* [ACTION ITEM]
Could you return the lines below exactly, from the first line up to and including the line that holds "[set v | dist"?

===============

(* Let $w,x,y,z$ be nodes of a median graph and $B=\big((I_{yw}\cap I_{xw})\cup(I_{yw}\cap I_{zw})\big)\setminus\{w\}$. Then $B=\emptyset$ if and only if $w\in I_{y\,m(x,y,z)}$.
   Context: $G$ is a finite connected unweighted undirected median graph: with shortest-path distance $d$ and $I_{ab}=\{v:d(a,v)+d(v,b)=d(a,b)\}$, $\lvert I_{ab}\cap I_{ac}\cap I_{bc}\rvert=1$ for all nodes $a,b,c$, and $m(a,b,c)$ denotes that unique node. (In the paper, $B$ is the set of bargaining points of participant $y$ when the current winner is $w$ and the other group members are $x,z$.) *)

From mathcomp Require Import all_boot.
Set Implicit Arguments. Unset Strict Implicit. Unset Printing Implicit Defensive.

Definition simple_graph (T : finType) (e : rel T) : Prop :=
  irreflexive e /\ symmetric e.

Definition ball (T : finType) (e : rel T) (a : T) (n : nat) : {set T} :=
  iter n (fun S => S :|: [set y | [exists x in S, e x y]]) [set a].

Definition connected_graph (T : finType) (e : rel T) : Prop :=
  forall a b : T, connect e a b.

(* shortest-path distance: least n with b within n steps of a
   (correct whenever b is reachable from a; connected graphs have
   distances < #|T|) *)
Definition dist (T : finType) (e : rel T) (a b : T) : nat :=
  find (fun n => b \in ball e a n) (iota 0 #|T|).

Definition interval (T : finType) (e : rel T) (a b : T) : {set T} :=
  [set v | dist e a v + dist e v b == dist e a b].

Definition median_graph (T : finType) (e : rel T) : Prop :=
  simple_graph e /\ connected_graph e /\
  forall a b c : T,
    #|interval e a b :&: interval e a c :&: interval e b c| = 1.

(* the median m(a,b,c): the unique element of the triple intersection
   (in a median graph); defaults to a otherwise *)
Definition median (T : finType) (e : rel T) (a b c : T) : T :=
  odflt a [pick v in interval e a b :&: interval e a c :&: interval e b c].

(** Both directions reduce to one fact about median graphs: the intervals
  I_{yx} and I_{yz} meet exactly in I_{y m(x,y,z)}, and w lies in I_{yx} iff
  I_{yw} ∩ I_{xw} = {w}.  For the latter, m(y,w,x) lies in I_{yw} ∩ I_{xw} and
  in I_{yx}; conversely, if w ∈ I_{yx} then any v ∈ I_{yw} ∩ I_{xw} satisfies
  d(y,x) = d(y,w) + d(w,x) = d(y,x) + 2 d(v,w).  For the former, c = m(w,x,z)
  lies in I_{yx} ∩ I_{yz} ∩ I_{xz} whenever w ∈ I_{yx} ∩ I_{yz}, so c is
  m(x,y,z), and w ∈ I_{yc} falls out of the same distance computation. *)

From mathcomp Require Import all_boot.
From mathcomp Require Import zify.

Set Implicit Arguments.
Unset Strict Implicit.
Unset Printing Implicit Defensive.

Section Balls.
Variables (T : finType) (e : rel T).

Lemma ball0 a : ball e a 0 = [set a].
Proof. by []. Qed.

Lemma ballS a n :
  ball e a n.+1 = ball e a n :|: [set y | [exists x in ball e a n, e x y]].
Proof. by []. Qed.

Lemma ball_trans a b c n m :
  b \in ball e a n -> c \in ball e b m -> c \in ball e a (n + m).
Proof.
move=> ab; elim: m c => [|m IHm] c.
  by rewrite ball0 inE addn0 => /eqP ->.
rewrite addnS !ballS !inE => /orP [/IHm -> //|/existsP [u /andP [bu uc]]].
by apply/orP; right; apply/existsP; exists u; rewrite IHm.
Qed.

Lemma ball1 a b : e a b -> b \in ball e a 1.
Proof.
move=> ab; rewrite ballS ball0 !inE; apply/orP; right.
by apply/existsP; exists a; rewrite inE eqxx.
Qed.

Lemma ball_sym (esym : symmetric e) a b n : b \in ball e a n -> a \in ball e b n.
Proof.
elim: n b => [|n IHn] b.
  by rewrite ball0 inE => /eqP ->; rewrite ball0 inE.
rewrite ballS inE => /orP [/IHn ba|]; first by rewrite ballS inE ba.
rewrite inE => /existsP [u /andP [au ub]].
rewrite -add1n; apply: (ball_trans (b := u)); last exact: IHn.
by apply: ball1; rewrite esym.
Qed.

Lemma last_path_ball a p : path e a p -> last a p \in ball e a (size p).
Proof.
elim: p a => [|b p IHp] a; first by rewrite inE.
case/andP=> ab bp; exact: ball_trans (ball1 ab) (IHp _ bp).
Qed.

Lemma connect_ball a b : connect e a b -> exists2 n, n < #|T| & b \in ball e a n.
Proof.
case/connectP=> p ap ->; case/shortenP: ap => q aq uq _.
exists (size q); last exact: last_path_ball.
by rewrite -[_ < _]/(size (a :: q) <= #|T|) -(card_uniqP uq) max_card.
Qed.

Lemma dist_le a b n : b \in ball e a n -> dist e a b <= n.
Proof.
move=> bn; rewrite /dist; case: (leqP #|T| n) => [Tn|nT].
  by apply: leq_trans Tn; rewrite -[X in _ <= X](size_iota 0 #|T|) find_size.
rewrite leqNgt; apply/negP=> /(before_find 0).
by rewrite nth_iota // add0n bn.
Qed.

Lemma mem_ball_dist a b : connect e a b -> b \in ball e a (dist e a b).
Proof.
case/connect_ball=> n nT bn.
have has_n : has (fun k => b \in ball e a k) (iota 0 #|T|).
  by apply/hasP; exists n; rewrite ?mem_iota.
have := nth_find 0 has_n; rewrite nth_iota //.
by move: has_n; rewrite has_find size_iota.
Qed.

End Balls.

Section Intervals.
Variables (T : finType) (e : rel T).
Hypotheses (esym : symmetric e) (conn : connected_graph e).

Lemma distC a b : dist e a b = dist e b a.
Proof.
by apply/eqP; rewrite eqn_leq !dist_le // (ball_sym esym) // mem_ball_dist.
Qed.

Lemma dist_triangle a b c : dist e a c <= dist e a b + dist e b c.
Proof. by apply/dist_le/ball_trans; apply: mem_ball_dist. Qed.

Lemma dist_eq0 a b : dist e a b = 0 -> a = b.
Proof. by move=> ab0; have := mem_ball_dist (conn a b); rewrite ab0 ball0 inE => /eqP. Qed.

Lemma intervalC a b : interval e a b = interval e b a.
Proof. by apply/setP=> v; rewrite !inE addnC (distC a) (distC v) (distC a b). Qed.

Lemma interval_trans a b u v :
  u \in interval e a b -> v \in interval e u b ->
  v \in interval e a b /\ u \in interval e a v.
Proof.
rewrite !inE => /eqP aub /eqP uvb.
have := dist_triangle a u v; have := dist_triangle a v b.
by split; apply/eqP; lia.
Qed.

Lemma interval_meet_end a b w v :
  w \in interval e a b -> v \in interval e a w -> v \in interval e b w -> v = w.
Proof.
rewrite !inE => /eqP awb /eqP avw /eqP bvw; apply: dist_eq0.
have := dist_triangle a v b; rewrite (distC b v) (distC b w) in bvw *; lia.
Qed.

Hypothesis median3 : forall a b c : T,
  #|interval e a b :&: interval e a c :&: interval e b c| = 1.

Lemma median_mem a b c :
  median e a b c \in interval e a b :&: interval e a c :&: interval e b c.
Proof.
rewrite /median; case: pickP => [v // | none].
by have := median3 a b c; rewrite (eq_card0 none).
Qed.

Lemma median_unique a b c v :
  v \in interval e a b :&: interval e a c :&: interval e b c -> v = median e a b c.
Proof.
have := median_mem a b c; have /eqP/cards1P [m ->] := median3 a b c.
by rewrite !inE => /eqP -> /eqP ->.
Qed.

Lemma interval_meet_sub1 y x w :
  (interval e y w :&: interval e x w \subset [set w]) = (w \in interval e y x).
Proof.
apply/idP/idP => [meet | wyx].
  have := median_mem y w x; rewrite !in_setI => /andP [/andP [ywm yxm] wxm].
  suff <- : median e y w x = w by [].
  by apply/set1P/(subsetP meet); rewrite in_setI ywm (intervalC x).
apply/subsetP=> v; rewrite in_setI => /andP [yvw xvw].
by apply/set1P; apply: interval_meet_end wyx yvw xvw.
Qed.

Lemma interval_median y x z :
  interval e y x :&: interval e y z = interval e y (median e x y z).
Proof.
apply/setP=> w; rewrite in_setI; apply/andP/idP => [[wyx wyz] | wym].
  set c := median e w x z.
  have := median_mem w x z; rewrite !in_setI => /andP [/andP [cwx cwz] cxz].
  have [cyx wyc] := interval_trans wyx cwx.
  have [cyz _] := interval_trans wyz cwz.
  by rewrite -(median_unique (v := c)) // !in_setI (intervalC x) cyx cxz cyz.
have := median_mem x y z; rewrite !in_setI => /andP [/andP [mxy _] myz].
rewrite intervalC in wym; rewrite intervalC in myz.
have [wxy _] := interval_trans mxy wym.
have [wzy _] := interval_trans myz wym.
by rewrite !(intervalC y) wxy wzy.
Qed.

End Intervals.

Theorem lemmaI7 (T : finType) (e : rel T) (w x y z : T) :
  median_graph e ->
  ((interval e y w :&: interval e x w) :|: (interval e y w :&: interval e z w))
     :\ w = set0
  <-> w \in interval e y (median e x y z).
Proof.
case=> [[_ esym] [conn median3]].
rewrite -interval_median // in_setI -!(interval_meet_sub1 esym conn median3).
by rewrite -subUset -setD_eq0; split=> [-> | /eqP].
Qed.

===============

* [REPLY]
(* Let $w,x,y,z$ be nodes of a median graph and $B=\big((I_{yw}\cap I_{xw})\cup(I_{yw}\cap I_{zw})\big)\setminus\{w\}$. Then $B=\emptyset$ if and only if $w\in I_{y\,m(x,y,z)}$.
   Context: $G$ is a finite connected unweighted undirected median graph: with shortest-path distance $d$ and $I_{ab}=\{v:d(a,v)+d(v,b)=d(a,b)\}$, $\lvert I_{ab}\cap I_{ac}\cap I_{bc}\rvert=1$ for all nodes $a,b,c$, and $m(a,b,c)$ denotes that unique node. (In the paper, $B$ is the set of bargaining points of participant $y$ when the current winner is $w$ and the other group members are $x,z$.) *)

From mathcomp Require Import all_boot.
Set Implicit Arguments. Unset Strict Implicit. Unset Printing Implicit Defensive.

Definition simple_graph (T : finType) (e : rel T) : Prop :=
  irreflexive e /\ symmetric e.

Definition ball (T : finType) (e : rel T) (a : T) (n : nat) : {set T} :=
  iter n (fun S => S :|: [set y | [exists x in S, e x y]]) [set a].

Definition connected_graph (T : finType) (e : rel T) : Prop :=
  forall a b : T, connect e a b.

(* shortest-path distance: least n with b within n steps of a
   (correct whenever b is reachable from a; connected graphs have
   distances < #|T|) *)
Definition dist (T : finType) (e : rel T) (a b : T) : nat :=
  find (fun n => b \in ball e a n) (iota 0 #|T|).

Definition interval (T : finType) (e : rel T) (a b : T) : {set T} :=
  [set v | dist e a v + dist e v b == dist e a b].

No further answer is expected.